* Assignment
At the line with "have frob_cycle : iter n frob =1 id.", start repeating the data, and continue line by line through the final line, exactly.

Stored items
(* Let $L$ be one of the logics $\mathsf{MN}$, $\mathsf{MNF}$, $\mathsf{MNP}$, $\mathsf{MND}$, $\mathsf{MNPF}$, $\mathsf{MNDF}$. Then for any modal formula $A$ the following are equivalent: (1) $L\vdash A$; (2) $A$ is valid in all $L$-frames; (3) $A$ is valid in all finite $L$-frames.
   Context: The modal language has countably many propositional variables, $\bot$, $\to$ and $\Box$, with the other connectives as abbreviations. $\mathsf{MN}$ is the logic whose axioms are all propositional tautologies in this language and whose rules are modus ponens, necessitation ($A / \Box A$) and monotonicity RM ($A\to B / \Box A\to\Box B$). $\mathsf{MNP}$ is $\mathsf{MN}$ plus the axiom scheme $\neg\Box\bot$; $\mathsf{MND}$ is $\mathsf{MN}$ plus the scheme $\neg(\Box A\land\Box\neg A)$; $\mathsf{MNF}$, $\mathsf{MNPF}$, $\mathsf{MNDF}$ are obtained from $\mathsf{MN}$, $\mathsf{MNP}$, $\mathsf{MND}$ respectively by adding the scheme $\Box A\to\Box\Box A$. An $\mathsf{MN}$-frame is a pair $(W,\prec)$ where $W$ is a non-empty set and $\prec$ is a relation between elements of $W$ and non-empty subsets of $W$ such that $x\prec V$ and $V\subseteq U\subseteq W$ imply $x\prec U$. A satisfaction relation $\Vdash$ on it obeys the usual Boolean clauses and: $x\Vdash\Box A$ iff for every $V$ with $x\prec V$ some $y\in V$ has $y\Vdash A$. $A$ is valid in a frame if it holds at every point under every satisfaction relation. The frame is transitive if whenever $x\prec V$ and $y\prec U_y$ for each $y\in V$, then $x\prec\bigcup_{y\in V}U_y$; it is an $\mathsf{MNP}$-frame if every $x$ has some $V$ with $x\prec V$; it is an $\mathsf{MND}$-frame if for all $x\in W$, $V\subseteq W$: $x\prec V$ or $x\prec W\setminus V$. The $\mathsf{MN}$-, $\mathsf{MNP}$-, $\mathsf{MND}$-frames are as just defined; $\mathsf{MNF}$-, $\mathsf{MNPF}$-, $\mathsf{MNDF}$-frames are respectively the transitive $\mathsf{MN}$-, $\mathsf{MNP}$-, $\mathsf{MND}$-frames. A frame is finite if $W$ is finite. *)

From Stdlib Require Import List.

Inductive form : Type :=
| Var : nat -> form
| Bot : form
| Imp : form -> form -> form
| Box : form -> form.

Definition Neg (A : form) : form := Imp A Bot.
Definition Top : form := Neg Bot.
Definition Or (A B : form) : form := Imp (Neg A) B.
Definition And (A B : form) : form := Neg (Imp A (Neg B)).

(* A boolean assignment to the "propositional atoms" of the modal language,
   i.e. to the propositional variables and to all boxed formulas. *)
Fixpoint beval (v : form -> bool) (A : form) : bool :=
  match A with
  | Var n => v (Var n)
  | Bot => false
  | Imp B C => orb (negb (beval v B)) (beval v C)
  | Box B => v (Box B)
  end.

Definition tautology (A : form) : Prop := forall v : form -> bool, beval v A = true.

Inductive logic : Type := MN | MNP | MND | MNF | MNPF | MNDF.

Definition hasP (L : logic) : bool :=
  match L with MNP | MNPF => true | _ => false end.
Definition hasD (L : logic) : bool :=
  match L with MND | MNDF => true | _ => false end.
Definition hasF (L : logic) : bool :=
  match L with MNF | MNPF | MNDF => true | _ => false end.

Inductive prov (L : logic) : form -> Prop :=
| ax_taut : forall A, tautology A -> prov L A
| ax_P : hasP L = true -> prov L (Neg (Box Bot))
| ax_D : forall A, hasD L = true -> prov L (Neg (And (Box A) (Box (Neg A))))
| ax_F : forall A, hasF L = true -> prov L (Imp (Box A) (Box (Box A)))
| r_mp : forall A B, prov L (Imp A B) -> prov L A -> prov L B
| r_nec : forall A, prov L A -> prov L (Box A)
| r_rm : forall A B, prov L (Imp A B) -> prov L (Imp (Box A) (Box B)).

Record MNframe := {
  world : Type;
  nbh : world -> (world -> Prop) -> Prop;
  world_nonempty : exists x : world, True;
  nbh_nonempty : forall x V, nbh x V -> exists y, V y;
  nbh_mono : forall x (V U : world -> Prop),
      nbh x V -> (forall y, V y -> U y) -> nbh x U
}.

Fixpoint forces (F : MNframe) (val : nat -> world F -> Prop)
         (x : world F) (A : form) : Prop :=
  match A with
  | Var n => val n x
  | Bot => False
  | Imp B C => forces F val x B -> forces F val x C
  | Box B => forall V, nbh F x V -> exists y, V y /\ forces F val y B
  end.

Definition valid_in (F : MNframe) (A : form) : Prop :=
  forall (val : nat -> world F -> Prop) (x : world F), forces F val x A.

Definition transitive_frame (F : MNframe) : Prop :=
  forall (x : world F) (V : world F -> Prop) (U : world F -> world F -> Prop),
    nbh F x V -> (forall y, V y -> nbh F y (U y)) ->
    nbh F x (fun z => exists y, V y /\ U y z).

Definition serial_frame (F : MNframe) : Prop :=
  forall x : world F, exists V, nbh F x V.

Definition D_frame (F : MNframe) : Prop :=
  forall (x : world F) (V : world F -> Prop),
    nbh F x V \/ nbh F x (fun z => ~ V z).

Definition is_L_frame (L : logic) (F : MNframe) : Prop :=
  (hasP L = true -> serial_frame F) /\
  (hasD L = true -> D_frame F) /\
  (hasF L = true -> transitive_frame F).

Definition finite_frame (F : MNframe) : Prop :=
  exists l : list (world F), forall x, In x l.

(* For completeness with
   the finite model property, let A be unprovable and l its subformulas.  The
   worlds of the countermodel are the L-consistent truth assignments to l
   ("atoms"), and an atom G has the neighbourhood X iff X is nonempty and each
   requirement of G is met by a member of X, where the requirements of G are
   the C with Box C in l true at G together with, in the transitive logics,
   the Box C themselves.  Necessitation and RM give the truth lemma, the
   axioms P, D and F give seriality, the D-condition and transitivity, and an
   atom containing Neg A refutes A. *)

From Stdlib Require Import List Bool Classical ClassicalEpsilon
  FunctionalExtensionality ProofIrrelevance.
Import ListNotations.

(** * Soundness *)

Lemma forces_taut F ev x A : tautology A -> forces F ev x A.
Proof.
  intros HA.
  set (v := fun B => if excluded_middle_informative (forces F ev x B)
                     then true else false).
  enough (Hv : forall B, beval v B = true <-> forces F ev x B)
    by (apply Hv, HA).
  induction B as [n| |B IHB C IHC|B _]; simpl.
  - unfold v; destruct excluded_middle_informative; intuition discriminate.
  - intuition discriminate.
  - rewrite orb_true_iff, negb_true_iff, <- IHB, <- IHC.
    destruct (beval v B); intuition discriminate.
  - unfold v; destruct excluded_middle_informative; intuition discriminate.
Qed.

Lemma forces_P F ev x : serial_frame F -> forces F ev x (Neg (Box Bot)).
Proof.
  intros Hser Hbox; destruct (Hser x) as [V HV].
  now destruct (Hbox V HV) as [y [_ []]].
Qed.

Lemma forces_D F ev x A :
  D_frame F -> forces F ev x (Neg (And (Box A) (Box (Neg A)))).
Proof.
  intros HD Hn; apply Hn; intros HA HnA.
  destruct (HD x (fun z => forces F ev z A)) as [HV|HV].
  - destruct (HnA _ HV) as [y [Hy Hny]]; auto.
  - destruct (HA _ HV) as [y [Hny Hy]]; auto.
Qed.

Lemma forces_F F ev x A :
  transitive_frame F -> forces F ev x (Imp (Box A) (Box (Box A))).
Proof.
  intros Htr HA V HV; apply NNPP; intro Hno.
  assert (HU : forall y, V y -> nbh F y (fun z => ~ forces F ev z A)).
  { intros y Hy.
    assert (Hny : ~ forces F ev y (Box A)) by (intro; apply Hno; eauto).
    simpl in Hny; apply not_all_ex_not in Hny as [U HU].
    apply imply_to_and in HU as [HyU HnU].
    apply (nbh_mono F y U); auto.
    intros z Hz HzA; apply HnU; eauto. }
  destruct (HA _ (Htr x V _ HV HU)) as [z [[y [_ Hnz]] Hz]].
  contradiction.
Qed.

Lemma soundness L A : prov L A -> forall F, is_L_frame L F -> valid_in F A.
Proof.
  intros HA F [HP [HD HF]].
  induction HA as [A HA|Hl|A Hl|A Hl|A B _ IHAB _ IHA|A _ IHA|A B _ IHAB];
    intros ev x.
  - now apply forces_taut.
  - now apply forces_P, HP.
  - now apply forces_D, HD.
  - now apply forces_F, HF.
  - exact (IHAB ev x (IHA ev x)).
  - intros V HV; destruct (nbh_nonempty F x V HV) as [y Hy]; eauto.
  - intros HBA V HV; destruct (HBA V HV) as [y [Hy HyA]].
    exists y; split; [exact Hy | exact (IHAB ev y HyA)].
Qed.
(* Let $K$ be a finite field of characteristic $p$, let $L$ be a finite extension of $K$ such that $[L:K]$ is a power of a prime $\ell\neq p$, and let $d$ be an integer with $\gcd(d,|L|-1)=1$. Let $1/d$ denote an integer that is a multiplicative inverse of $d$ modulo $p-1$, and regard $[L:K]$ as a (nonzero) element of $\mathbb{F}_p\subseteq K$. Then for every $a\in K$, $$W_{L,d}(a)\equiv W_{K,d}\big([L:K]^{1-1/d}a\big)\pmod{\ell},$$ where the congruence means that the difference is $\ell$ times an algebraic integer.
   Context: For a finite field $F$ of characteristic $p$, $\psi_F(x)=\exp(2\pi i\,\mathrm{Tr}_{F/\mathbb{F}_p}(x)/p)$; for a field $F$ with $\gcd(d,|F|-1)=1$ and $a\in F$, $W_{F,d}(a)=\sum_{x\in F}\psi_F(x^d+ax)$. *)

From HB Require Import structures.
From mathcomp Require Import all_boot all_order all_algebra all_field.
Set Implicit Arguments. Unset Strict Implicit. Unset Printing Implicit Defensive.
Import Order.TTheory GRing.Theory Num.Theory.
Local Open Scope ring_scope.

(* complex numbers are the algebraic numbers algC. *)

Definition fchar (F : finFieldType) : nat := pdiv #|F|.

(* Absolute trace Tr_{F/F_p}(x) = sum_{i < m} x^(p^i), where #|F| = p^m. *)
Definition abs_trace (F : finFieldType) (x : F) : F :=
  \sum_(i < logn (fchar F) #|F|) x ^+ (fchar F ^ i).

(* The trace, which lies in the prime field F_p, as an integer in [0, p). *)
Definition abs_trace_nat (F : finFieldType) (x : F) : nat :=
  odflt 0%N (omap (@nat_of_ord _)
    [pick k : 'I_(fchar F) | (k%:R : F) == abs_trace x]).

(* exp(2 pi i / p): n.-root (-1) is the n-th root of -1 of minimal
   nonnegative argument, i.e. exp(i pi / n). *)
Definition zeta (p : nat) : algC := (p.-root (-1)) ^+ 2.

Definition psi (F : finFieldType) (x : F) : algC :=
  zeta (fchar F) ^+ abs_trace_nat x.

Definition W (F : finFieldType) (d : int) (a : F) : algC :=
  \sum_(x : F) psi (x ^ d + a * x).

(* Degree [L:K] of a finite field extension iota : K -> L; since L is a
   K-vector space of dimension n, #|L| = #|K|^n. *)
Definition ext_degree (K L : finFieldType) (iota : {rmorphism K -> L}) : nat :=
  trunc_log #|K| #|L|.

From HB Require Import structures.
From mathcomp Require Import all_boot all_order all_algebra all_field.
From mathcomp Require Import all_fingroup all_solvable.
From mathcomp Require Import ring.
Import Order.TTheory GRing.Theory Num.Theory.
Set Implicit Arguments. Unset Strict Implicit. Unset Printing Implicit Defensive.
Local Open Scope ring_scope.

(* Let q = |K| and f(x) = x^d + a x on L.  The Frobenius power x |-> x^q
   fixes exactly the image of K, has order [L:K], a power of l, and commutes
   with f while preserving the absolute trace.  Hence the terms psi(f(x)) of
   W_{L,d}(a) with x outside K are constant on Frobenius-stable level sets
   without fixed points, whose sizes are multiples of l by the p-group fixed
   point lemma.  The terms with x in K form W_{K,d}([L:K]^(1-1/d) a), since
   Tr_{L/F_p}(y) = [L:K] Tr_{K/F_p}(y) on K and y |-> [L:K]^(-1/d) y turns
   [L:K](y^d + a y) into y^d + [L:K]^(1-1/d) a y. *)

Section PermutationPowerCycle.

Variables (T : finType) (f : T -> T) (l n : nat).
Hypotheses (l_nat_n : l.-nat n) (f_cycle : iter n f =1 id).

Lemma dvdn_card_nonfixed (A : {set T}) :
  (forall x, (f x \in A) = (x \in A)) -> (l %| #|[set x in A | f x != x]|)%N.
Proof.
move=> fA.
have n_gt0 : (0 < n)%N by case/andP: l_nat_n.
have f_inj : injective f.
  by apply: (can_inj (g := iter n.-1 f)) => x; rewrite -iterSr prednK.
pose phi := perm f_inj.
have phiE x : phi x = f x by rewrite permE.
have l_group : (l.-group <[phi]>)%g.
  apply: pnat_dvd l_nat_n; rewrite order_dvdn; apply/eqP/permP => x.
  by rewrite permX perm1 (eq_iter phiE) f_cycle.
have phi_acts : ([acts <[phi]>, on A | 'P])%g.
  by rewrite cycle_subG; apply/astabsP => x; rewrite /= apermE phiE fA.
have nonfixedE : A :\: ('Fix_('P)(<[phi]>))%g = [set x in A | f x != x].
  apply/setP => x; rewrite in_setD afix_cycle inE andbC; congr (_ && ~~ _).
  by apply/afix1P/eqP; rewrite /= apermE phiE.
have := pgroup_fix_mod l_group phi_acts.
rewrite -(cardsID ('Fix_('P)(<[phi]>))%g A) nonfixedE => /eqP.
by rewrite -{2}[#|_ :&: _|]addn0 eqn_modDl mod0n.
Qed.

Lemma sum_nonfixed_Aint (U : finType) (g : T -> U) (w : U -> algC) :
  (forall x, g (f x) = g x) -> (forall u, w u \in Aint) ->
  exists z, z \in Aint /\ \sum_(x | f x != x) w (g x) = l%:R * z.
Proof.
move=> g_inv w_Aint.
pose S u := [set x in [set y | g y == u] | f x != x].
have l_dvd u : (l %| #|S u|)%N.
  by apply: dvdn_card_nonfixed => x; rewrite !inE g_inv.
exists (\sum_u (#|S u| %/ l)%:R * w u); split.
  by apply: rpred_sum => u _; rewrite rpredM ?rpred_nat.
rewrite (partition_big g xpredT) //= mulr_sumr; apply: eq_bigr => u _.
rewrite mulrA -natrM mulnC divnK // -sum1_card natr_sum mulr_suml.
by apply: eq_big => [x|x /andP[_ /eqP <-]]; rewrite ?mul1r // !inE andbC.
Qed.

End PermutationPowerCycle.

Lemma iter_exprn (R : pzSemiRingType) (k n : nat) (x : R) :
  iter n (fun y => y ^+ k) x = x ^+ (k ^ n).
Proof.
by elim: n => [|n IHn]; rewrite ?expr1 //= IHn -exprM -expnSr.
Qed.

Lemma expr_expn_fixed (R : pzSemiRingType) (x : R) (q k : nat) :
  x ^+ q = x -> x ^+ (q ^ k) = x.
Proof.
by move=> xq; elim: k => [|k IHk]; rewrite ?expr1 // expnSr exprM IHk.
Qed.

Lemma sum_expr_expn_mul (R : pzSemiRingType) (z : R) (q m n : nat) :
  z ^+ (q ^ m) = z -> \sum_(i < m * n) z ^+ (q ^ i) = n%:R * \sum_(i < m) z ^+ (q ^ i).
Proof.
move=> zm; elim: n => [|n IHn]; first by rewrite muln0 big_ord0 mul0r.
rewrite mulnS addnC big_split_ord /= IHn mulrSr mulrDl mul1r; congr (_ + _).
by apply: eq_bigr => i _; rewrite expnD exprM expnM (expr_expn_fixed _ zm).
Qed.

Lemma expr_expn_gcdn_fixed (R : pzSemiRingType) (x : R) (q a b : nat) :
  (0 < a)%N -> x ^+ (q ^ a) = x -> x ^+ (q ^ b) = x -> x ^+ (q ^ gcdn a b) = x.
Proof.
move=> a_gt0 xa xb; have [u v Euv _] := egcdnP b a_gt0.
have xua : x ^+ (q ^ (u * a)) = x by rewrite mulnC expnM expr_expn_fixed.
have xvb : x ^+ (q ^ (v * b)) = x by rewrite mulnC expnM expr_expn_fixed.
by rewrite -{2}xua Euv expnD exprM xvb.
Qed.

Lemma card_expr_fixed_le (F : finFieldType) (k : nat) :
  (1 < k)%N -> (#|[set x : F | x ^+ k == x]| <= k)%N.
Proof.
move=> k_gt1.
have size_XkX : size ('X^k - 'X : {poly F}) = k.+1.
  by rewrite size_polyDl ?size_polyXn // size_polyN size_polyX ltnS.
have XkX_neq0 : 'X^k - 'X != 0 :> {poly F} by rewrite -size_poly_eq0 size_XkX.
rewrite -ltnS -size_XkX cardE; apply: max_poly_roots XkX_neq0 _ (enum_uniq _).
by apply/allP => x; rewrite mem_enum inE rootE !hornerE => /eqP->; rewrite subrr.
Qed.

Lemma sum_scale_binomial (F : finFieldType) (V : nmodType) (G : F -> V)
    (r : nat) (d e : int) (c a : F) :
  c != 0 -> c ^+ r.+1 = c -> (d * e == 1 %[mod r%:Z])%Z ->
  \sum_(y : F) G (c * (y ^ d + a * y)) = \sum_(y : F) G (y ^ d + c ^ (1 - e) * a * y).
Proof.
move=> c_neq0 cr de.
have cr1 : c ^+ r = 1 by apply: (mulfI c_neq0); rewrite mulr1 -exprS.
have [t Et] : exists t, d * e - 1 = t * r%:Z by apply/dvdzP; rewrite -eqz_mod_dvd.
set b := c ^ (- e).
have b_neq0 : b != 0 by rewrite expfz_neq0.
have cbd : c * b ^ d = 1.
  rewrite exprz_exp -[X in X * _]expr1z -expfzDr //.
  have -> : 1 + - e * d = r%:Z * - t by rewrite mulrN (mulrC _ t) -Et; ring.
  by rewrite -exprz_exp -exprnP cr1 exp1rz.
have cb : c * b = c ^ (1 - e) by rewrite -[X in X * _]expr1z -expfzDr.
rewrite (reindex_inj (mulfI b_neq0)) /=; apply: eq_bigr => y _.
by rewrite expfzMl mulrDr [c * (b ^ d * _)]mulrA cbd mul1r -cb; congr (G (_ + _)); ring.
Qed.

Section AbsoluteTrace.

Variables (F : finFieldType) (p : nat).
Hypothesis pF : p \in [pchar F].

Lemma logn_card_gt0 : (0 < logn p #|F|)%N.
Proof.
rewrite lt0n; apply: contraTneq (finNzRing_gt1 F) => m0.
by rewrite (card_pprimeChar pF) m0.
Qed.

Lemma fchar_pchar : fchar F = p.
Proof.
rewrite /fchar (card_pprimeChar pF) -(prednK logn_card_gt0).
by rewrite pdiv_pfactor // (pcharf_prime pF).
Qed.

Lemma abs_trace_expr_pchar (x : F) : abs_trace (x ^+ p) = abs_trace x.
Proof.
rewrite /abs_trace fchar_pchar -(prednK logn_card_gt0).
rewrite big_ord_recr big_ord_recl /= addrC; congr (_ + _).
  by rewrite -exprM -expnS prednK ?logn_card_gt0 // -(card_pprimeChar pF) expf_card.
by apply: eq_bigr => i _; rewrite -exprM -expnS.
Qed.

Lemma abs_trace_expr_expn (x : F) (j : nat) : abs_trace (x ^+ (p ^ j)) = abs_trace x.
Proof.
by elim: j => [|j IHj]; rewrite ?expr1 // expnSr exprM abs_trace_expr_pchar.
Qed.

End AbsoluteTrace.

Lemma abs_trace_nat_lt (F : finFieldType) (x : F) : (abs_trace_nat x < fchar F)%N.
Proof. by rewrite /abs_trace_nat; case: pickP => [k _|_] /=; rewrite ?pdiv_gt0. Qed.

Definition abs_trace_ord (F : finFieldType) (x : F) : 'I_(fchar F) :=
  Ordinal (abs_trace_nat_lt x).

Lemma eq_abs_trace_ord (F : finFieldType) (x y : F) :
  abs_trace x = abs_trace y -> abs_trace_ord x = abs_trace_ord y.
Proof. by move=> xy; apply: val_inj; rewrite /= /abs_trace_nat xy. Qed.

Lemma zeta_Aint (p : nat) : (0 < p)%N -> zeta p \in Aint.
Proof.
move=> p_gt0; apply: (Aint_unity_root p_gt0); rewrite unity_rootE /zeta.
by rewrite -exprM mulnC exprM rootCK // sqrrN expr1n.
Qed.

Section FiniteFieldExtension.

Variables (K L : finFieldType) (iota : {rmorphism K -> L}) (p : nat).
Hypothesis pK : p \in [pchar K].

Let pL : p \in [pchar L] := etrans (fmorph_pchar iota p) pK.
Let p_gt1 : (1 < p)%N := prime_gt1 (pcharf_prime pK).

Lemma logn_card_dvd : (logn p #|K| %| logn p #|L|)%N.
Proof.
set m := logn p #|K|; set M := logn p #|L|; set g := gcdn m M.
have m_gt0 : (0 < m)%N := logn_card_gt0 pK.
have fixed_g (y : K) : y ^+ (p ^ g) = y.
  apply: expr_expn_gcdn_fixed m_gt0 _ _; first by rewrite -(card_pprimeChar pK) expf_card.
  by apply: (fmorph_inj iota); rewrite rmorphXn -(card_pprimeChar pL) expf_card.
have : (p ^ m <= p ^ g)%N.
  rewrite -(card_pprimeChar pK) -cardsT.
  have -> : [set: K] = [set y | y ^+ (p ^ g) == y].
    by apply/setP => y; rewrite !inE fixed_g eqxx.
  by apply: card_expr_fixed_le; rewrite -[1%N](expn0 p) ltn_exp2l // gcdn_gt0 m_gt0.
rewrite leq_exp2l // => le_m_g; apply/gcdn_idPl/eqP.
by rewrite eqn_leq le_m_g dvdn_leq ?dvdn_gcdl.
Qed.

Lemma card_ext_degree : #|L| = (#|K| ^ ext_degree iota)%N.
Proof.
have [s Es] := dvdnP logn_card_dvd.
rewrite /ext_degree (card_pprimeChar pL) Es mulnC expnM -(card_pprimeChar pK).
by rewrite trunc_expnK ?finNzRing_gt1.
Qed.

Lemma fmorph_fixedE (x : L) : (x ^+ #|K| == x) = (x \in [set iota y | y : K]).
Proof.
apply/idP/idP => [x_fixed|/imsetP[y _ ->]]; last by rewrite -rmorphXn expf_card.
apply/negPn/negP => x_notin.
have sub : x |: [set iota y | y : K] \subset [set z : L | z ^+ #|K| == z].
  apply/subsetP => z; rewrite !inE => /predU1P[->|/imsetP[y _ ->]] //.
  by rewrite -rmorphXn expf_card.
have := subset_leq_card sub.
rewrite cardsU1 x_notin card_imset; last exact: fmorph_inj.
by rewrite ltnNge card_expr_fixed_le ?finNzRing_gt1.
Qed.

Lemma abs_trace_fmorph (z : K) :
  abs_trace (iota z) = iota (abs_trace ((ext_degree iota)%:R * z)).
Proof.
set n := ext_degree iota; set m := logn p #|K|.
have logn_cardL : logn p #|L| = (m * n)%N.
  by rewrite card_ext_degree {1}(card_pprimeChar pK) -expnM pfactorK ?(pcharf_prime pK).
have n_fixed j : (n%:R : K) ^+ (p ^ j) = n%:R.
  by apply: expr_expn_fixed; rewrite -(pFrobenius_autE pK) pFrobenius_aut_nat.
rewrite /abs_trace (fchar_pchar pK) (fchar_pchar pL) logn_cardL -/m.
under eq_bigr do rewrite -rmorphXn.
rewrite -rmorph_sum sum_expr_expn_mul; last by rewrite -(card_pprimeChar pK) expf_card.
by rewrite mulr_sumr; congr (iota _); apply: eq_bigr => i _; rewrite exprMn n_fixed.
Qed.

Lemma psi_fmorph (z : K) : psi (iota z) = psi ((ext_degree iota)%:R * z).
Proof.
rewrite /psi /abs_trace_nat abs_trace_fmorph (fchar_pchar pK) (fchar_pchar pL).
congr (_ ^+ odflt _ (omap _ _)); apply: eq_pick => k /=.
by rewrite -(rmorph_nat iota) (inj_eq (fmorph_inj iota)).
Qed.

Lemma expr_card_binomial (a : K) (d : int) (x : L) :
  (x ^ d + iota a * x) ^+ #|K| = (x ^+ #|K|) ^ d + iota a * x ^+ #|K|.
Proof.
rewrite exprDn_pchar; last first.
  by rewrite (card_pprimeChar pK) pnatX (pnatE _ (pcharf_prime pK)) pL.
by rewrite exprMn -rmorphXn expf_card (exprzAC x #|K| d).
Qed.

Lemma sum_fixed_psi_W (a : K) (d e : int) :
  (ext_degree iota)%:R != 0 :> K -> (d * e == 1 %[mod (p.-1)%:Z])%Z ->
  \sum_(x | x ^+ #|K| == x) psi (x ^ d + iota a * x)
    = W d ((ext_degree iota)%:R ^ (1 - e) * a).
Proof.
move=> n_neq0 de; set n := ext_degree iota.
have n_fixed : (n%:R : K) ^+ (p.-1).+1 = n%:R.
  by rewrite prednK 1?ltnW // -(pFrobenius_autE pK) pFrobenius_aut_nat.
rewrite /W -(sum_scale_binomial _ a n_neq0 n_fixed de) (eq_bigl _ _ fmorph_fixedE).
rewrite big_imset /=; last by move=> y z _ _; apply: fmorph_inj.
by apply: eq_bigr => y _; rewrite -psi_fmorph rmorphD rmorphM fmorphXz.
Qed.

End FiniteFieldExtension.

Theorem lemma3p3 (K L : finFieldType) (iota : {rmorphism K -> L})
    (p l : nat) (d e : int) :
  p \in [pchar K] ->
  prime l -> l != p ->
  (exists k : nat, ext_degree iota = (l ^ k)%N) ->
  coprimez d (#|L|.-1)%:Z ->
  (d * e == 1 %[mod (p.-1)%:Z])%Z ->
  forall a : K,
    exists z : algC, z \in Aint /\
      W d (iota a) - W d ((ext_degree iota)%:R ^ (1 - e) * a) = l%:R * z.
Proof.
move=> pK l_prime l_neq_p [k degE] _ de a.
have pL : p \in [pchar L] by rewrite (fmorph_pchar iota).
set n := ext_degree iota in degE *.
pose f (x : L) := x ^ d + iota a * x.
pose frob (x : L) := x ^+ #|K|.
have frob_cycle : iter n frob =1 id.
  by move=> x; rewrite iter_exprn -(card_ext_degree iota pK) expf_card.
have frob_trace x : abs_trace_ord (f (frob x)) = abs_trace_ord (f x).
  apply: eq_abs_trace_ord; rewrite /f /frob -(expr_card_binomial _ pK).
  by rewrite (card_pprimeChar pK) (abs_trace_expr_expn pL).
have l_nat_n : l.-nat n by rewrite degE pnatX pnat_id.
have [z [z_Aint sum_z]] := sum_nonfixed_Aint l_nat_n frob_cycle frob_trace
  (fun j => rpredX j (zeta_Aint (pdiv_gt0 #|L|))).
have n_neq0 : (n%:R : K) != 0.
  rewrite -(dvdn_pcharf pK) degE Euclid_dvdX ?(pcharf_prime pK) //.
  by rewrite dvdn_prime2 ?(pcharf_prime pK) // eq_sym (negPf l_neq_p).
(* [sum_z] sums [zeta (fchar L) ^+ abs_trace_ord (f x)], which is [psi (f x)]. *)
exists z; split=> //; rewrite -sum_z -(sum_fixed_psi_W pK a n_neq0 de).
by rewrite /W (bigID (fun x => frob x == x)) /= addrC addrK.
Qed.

* Written response
have frob_cycle : iter n frob =1 id.
  by move=> x; rewrite iter_exprn -(card_ext_degree iota pK) expf_card.
have frob_trace x : abs_trace_ord (f (frob x)) = abs_trace_ord (f x).
  apply: eq_abs_trace_ord; rewrite /f /frob -(expr_card_binomial _ pK).
  by rewrite (card_pprimeChar pK) (abs_trace_expr_expn pL).
have l_nat_n : l.-nat n by rewrite degE pnatX pnat_id.
have [z [z_Aint sum_z]] := sum_nonfixed_Aint l_nat_n frob_cycle frob_trace
  (fun j => rpredX j (zeta_Aint (pdiv_gt0 #|L|))).
have n_neq0 : (n%:R : K) != 0.
  rewrite -(dvdn_pcharf pK) degE Euclid_dvdX ?(pcharf_prime pK) //.
  by rewrite dvdn_prime2 ?(pcharf_prime pK) // eq_sym (negPf l_neq_p).
(* [sum_z] sums [zeta (fchar L) ^+ abs_trace_ord (f x)], which is [psi (f x)]. *)
exists z; split=> //; rewrite -sum_z -(sum_fixed_psi_W pK a n_neq0 de).
by rewrite /W (bigID (fun x => frob x == x)) /= addrC addrK.
Qed.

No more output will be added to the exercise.